YOUR TASK
When you reach the line containing "match s with" in the records below, start copying exactly, and stop once you have copied the line containing "a - 2 * b * ((cos".

RECORD EXTRACTS
(* Let $n=2p$ with $p$ a positive integer, $a,b\in\mathbb{C}$, $b\ne0$, and let $A^{\dagger}$ be the $n\times n$ tridiagonal matrix with diagonal entries $a$ and $A^{\dagger}_{k,k+1}=A^{\dagger}_{k+1,k}=(-1)^{k+1}b$ for $k=1,\dots,n-1$. Let $\lambda_k^{\dagger}=a-2b\cos\left(\frac{k\pi}{n+1}\right)$, $\psi_k=\frac{\lambda_k^{\dagger}-a}{b}$ and $\eta_k=\frac{4-\psi_k^2}{2n+2}$ for $k=1,\dots,n$. Let $s$ be a nonnegative integer, or any integer if $A^{\dagger}$ is invertible. Then the entries $l_{ij}(s)$ of $(A^{\dagger})^s$ are $$l_{ij}(s)=\sum_{k=1}^{n}(\lambda_k^{\dagger})^{s}\eta_k\,r_{i-1}r_{j-1}\,U_{i-1}\left(\tfrac{\psi_k}{2}\right)U_{j-1}\left(\tfrac{\psi_k}{2}\right),\quad i,j=1,\dots,n.$$
   Context: $U_m$ is the Chebyshev polynomial of the second kind: $U_0=1$, $U_1=2x$, $U_{m+1}=2xU_m-U_{m-1}$. For an integer $m\ge0$, $r_m=1$ if $m\equiv0,1\pmod4$ and $r_m=-1$ if $m\equiv2,3\pmod4$. *)

From HB Require Import structures.
From mathcomp Require Import all_boot all_order all_algebra.
From mathcomp Require Import complex.
From mathcomp Require Import reals trigo.
Set Implicit Arguments. Unset Strict Implicit. Unset Printing Implicit Defensive.
Import Order.TTheory GRing.Theory Num.Theory.
Local Open Scope ring_scope.

Fixpoint chebU_pair (T : nzRingType) (x : T) (m : nat) : T * T :=
  (* returns (U_m x, U_{m+1} x) *)
  match m with
  | 0%N => (1, 2 * x)
  | m'.+1 => let '(u, v) := chebU_pair x m' in (v, 2 * x * v - u)
  end.
Definition chebU (T : nzRingType) (m : nat) (x : T) : T := (chebU_pair x m).1.

Definition rsign (T : nzRingType) (m : nat) : T :=
  if (m %% 4 < 2)%N then 1 else -1.

Definition mxpowz (T : comUnitRingType) (n : nat) (A : 'M[T]_n) (s : int)
  : 'M[T]_n :=
  match s with
  | Posz k => A ^+ k
  | Negz k => (invmx A) ^+ k.+1
  end.

(* The n x n tridiagonal matrix A^dagger, 0-based indices:
   diagonal a, and (k,k+1),(k+1,k) entries (-1)^(k+1) b for 1-based k,
   i.e. (-1)^i b for 0-based i with j = i+1. *)
Definition Adag (T : nzRingType) (n : nat) (a b : T) : 'M[T]_n :=
  \matrix_(i < n, j < n)
    if i == j then a
    else if (val j == (val i).+1)%N then (-1) ^+ (val i).+2 * b
    else if (val i == (val j).+1)%N then (-1) ^+ (val j).+2 * b
    else 0.

Section Eig.
Variable R : realType.
Local Notation C := (R[i]).
Definition lamdag (n : nat) (a b : C) (k : nat) : C :=
  a - 2 * b * ((cos (k%:R * pi / (n.+1)%:R) : R)%:C)%C.
Definition psik (n : nat) (a b : C) (k : nat) : C := (lamdag n a b k - a) / b.
Definition etak (n : nat) (a b : C) (k : nat) : C :=
  (4 - psik n a b k ^+ 2) / (2 * n.+1)%:R.
End Eig.

From HB Require Import structures.
From mathcomp Require Import all_boot all_order all_algebra.
From mathcomp Require Import complex.
From mathcomp Require Import reals trigo.
From mathcomp Require Import ring zify.
Set Implicit Arguments. Unset Strict Implicit. Unset Printing Implicit Defensive.
Import Order.TTheory GRing.Theory Num.Theory.
Local Open Scope ring_scope.

(* Write y_k = psi_k / 2 = - cos (k pi / (n + 1)): these are the n roots of U_n.
   The three-term recurrence of U is the eigen-equation of A^dagger, the signs
   r_i absorb the alternating off-diagonal and U_n (y_k) = 0 is the boundary
   condition, so the vector (r_i U_i (y_k))_i is an eigenvector for
   a + 2 b y_k = lambda_k.  By Christoffel-Darboux these eigenvectors are
   orthogonal, and eta_k is the inverse of the squared norm of the k-th one;
   hence A^dagger = V diag(lambda) W with W V = 1, which gives every power. *)

Section Chebyshev.
Variable T : comNzRingType.
Implicit Types x y : T.

Lemma chebU0 x : chebU 0 x = 1. Proof. by []. Qed.
Lemma chebU1 x : chebU 1 x = 2 * x. Proof. by []. Qed.

Lemma chebU_pairE x m : chebU_pair x m = (chebU m x, chebU m.+1 x).
Proof. by rewrite /chebU /=; case: (chebU_pair x m). Qed.

Lemma chebUSS x m : chebU m.+2 x = 2 * x * chebU m.+1 x - chebU m x.
Proof. by rewrite {1}/chebU /= chebU_pairE. Qed.

Lemma chebU_opp x m : chebU m (- x) = (-1) ^+ m * chebU m x.
Proof.
suff: chebU m (- x) = (-1) ^+ m * chebU m x /\
      chebU m.+1 (- x) = (-1) ^+ m.+1 * chebU m.+1 x by case.
elim: m => [|m [IH1 IH2]]; first by rewrite !chebU0 !chebU1; split; ring.
by split=> //; rewrite !chebUSS IH1 IH2 !exprS; ring.
Qed.

Lemma chebU_cassini x m :
  chebU m x ^+ 2 - 2 * x * chebU m x * chebU m.+1 x + chebU m.+1 x ^+ 2 = 1.
Proof.
elim: m => [|m IH]; first by rewrite chebU0 chebU1; ring.
by rewrite chebUSS -[RHS]IH; ring.
Qed.

Lemma chebU_sumsq x m :
  4 * (1 - x ^+ 2) * \sum_(j < m) chebU j x ^+ 2 =
  (2 * m + 1)%:R - chebU m x ^+ 2 + (2 * x * chebU m x - chebU m.+1 x) ^+ 2.
Proof.
elim: m => [|m IH]; first by rewrite big_ord0 !chebU0 !chebU1; ring.
rewrite big_ord_recr /= mulrDr IH chebUSS.
have := chebU_cassini x m; set u := chebU m x; set v := chebU m.+1 x => uv.
have -> : (2 * m.+1 + 1)%:R = (2 * m + 1)%:R + 2 * (u ^+ 2 - 2 * x * u * v + v ^+ 2).
  by rewrite uv; ring.
ring.
Qed.

Lemma chebU_sum_mul x y m :
  2 * (x - y) * \sum_(j < m) chebU j x * chebU j y =
  chebU m x * (2 * y * chebU m y - chebU m.+1 y)
  - (2 * x * chebU m x - chebU m.+1 x) * chebU m y.
Proof.
elim: m => [|m IH]; first by rewrite big_ord0 !chebU0 !chebU1; ring.
by rewrite big_ord_recr /= mulrDr IH !chebUSS; ring.
Qed.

FINISHED TASK
  match s with
  | Posz k => A ^+ k
  | Negz k => (invmx A) ^+ k.+1
  end.

(* The n x n tridiagonal matrix A^dagger, 0-based indices:
   diagonal a, and (k,k+1),(k+1,k) entries (-1)^(k+1) b for 1-based k,
   i.e. (-1)^i b for 0-based i with j = i+1. *)
Definition Adag (T : nzRingType) (n : nat) (a b : T) : 'M[T]_n :=
  \matrix_(i < n, j < n)
    if i == j then a
    else if (val j == (val i).+1)%N then (-1) ^+ (val i).+2 * b
    else if (val i == (val j).+1)%N then (-1) ^+ (val j).+2 * b
    else 0.

Section Eig.
Variable R : realType.
Local Notation C := (R[i]).
Definition lamdag (n : nat) (a b : C) (k : nat) : C :=
  a - 2 * b * ((cos (k%:R * pi / (n.+1)%:R) : R)%:C)%C.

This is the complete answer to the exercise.